Whether you’re a new mum, or have a brood of children, gave birth naturally or via caesarean, there’s one thing you can expect - your vagina will probably change after childbirth.
It’s no surprise that your body transforms during and after the miracle of birth. For some, this can be a change in the ‘look’ and ‘feel’ of the vagina, for others it may be pain, incontinence, scar tissue, or a prolapse.
In this feature, we look at some of the most common ways a vagina changes after childbirth, and some helpful steps for a speedy recovery.
All Natural 🌿
During ‘natural’ childbirth, a cervix can expand up to ten centimetres, then of course a tiny human to push out! It can be no surprise that this can result in pain and the feeling of being ‘stretched’ for some time after. If you have stitches, this can take up to 12 weeks to heal.
The NHS advise that swelling should resolve within a ‘few days’, and many women also swear by Epsom salt baths to speed healing and reduce tenderness.
In the following weeks and months after childbirth, things should settle down. However, women with fourth-degree tears or episiotomies may have scar tissue down below, and vagina changes after childbirth may be more visually apparent for some time.
Check out our video here with Clare Bourne a women's health physio on how to look after your vagina in those early days, and how to deal with scar tissue once you are healed….
Pelvic floor 💛
Carrying a baby, along with the muscle strain that comes with giving birth, can take its toll on one’s pelvic floor. This isn’t just resigned to women who give birth naturally – those who’ve had cesarean sections are also at risk. Some literature suggests that “pregnancy itself is likely to lead to some degree of pelvic floor dysfunction regardless of mode of delivery.”
As such, it’s important to do pelvic floor exercises (or kegal exercises) to keep muscles and the pelvic floor toned to minimise vagina changes after childbirth. This may also help prevent incontinence, an issue that a third of new mums suffer with in the first year after having a baby.

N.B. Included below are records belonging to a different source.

Lemma run_suffix s j (x : stack) rho w :
  j + length s = length u -> skipn j u = s ->
  x rho <> None -> prefix_closed x -> enc_children x rho (DNode r ch) ->
  exists x', steps (MG G)
      (qbar r i j, mkTS x rho, flat_map (subst_sym (yields ch)) s ++ w)
      (qbar r i (length u), mkTS x' rho, w)
    /\ prefix_closed x' /\ enc_children x' rho (DNode r ch) /\ frame rho x x'.
Proof.
  revert j x; induction s as [|sy s IHs]; intros j x Hlen Hs Hx Hcl Henc; simpl in Hlen.
  - rewrite Nat.add_0_r in Hlen; subst j.
    exists x; split; [constructor|split; [exact Hcl|split; [exact Henc|apply frame_refl]]].
  - destruct (skipn_nth_error _ _ Hs) as [Hj Hs'].
    assert (Hr : In r (rules G)) by (inversion Hv; assumption).
    destruct sy as [a|kap m]; cbn [flat_map].
    + destruct (IHs (S j) x ltac:(lia) Hs' Hx Hcl Henc) as [x' [Hst Hinv]].
      exists x'; split; [|exact Hinv].
      eapply steps_cons; [|exact Hst].
      assert (Hsym : comp_sym r i (S j) (T a)).
      { exists u; rewrite Nat.sub_succ, Nat.sub_0_r; repeat split; auto; lia. }
      pose proof (mt_term G Hr Hsym) as Ht; rewrite Nat.sub_succ, Nat.sub_0_r in Ht.
      eapply step_read; [exact Ht|exact I|reflexivity].
    + rewrite <- app_assoc.
      destruct (run_call j (flat_map (subst_sym (yields ch)) s ++ w) Hj Hx Hcl Henc)
        as [x1 [Hst1 [Hcl1 [Henc1 Hfr1]]]].
      assert (Hx1 : x1 rho <> None) by (rewrite (frame_self Hfr1); exact Hx).
      destruct (IHs (S j) x1 ltac:(lia) Hs' Hx1 Hcl1 Henc1)
        as [x2 [Hst2 [Hcl2 [Henc2 Hfr2]]]].
      exists x2; split; [|split; [|split]]; auto.
      * eapply steps_trans; [exact Hst1|exact Hst2].
      * exact (frame_trans Hfr1 Hfr2).
Qed.

End Component.

Lemma runs_component_valid d : valid G d -> runs_component d.
Proof.
  induction d as [r ch IH] using dtree_ind'; intros Hv i u Hi Hu x rho w.
  exact (run_suffix Hv IH Hi Hu 0 w eq_refl eq_refl).
Qed.

Lemma accept_start_rule r ch u :
  valid G (DNode r ch) -> initial G (lhs r) -> fn r = [u] ->
  lang_tsa (MG G) (flat_map (subst_sym (yields ch)) u).
Proof.
  intros Hv Hinit Hfn.
  assert (Hr : In r (rules G)) by (inversion Hv; assumption).
  set (x1 := upd (xi (ts_init (mg_gamma N Sigma))) [1] (Lab (GBox N Sigma))).
  assert (Hcl1 : prefix_closed x1).
  { apply prefix_closed_upd.
    - intros a n Hn; exfalso; apply Hn; destruct a; reflexivity.
    - intros [|b a] n E; [discriminate|destruct a; discriminate]. }
  assert (Hx1 : x1 [1] <> None) by (unfold x1; rewrite upd_same; discriminate).
  assert (Henc1 : enc_children x1 [1] (DNode r ch)).
  { intros k c _ Hn; exfalso; apply Hn; unfold x1.
    rewrite upd_other; [reflexivity|discriminate]. }
  assert (Hu : nth_error (fn r) (1 - 1) = Some u) by (rewrite Hfn; reflexivity).
  destruct (runs_component_valid Hv (le_n 1) Hu [] Hx1 Hcl1 Henc1)
    as [x2 [Hst [_ [_ Hfr]]]].
  rewrite app_nil_r in Hst.
  exists (Qn (QBox N Sigma)), (mkTS (upd x2 [1] (Lab (GRule r))) []); split; [reflexivity|].
  eapply steps_cons.
  { eapply step_silent with (c' := mkTS x1 [1]);
      [exact (mt_start G r Hr Hinit Hfn)|exact I|reflexivity]. }
  eapply steps_trans; [exact Hst|].
  eapply steps_cons.
  { eapply step_silent; [exact (mt_finish G r Hr Hinit Hfn)| |apply iset_apply; discriminate].
    simpl; rewrite (frame_self Hfr); apply upd_same. }
  eapply steps_cons; [|constructor].
  eapply step_silent; [exact (mt_final_down G r Hr Hinit Hfn)|exact I|exact (idown_apply _ [] 1)].
Qed.

End Simulation.

Theorem mainTheorem5 (N Sigma : Type) (G : pmcfg N Sigma) :
  pmcfg_wf G ->
  forall w : list Sigma, lang_pmcfg G w -> lang_tsa (MG G) w.
Proof.
  intros [_ [_ [_ [_ Hrules]]]] w [S [HS Hgen]].
  destruct (generates_valid_dtree Hgen) as [[r ch] [Hv [Hlhs Hy]]]; simpl in Hlhs, Hy.
  subst S; unfold apply_comp in Hy.
  destruct (fn r) as [|u [|]] eqn:Hfn; try discriminate.
  injection Hy as <-.
  exact (accept_start_rule Hrules Hv HS Hfn).
Qed.
(* Let $A$ be a finitely generated free abelian group of rank $r$ and $M$ a finitely generated $\mathbb{Z}A$-module. Assume that for each subgroup $B\subset A$ with $\mathrm{rank}(B)<r$ there exist a positive integer $k$ and elements $a_1,\dots,a_k\in A\setminus B$ such that the product $(e_{a_1}-1)\cdots(e_{a_k}-1)$ annihilates $M$. Then $M$ is finitely generated as an abelian group.
   Context: $A$ is written additively; for $a\in A$, $e_a$ denotes the corresponding basis element of the group ring $\mathbb{Z}A$ (so $e_ae_b=e_{a+b}$ and $\mathbb{Z}A$ is a Laurent polynomial ring in $r$ variables). *)

From mathcomp Require Import all_boot all_order all_algebra.
Set Implicit Arguments. Unset Strict Implicit. Unset Printing Implicit Defensive.
Import Order.TTheory GRing.Theory Num.Theory.
Local Open Scope ring_scope.

(* A ZA-module is an abelian group M together with an
   action of A by additive maps (e_a acts as act a, extended Z-linearly). *)
Notation grp r := 'rV[int]_r.

Definition is_ZA_action (r : nat) (M : zmodType) (act : grp r -> M -> M) : Prop :=
  [/\ forall a (x y : M), act a (x + y) = act a x + act a y,
      forall x : M, act 0 x = x &
      forall a b (x : M), act (a + b) x = act a (act b x)].

Definition fg_ZA_module (r : nat) (M : zmodType) (act : grp r -> M -> M) : Prop :=
  exists gens : seq M, forall m : M,
    exists s : seq (int * grp r * M),
      all (fun t => t.2 \in gens) s /\
      m = \sum_(t <- s) (act t.1.2 t.2) *~ t.1.1.

Definition fg_abelian (M : zmodType) : Prop :=
  exists n (g : 'I_n -> M), forall m : M,
    exists c : 'I_n -> int, m = \sum_(i < n) g i *~ c i.

Definition is_subgroup (r : nat) (B : pred (grp r)) : Prop :=
  0 \in B /\ forall a b, a \in B -> b \in B -> a - b \in B.

(* rank(B) < k: every finite family of elements of B has fewer than k
   linearly independent members (rank = maximal number of linearly
   independent elements, computed over Q). *)
Definition subgroup_rank_lt (r : nat) (B : pred (grp r)) (k : nat) : Prop :=
  forall (n : nat) (v : 'M[int]_(n, r)),
    (forall i, row i v \in B) ->
    (\rank (map_mx (fun z : int => z%:~R : rat) v) < k)%N.

Definition prod_act (r : nat) (M : zmodType) (act : grp r -> M -> M)
    (as_ : seq (grp r)) (x : M) : M :=
  foldr (fun a y => act a y - y) x as_.

From mathcomp Require Import all_boot all_order all_algebra.
Import Order.TTheory GRing.Theory Num.Theory.
Set Implicit Arguments. Unset Strict Implicit. Unset Printing Implicit Defensive.
Local Open Scope ring_scope.

(* Call a family c_1, ..., c_s of elements of A forcing if, whenever the c_i
   act trivially modulo a submodule Q on N = Q + ZA.G (G finite), N/Q is a
   finitely generated abelian group.  A family of r independent elements is
   forcing: it spans a sublattice of finite index, so A acts on N/Q through a
   finite quotient and the finitely many translates of G generate N/Q.
   A family of s < r independent elements spans rationally a subgroup B of rank
   < r, so some (e_{a_1} - 1)...(e_{a_k} - 1) with a_j outside B kills M.
   Adjoining a_1 gives an independent family of size s + 1, forcing by
   induction, and a_1 acts trivially on N modulo Q + ZA.(e_{a_1} - 1)G; so N
   is finitely generated over Q + ZA.(e_{a_1} - 1)G, and peeling off the k
   factors in turn reaches Q + ZA.0 = Q.  The empty family and Q = 0 give the
   theorem. *)

Local Notation toQ := (map_mx (fun z : int => z%:~R : rat)).

Section AdditiveSpan.
Variable V : zmodType.

Definition zclosed (S : V -> Prop) :=
  [/\ S 0, forall x y, S x -> S y -> S (x + y) & forall x, S x -> S (- x)].

Inductive zspan (S : V -> Prop) : V -> Prop :=
| zspan_mem x : S x -> zspan S x
| zspan0 : zspan S 0
| zspanD x y : zspan S x -> zspan S y -> zspan S (x + y)
| zspanN x : zspan S x -> zspan S (- x).

Lemma zspan_zclosed S : zclosed (zspan S).
Proof. by split; [exact: zspan0 | exact: zspanD | exact: zspanN]. Qed.

Lemma zspan_min (S R : V -> Prop) :
  zclosed R -> (forall x, S x -> R x) -> forall x, zspan S x -> R x.
Proof. by case=> R0 RD RN SR x; elim=> //; auto. Qed.

Lemma zclosedB S x y : zclosed S -> S x -> S y -> S (x - y).
Proof. by case=> _ SD SN Sx Sy; apply: SD (SN _ Sy). Qed.

Lemma zclosedMz S x n : zclosed S -> S x -> S (x *~ n).
Proof.
case=> S0 SD SN Sx.
have Sn k : S (x *+ k) by elim: k => [|k IH]; rewrite ?mulr0n // mulrS; apply: SD.
by case: n => n; rewrite ?NegzE ?mulrNz; [apply: Sn | apply/SN/Sn].
Qed.

Lemma zclosed_sum (I : eqType) (s : seq I) (F : I -> V) S :
  zclosed S -> (forall i, i \in s -> S (F i)) -> S (\sum_(i <- s) F i).
Proof. by case=> S0 SD _ SF; rewrite big_seq; apply: big_rec => // i x /SF; apply: SD. Qed.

Another great option which you can start as soon as your stiches have healed is pelvic floor massages, which can help strengthen the pelvic floor post-birth, as well as loosen scar tissue that may have formed. For this, you’ll need a suitable oil, such our NESSA’s Vagina Victory Oil, which was designed with your vagina wellbeing in mind :)
Check out the full demo here with Clare on how to perform this massage here
You may feel like you left your vagina to dry in The Outback. With lower levels of oestrogen in your body postpartum, it’s not uncommon to feel a little dry downstairs. If you’re breastfeeding you may be especially aware of this.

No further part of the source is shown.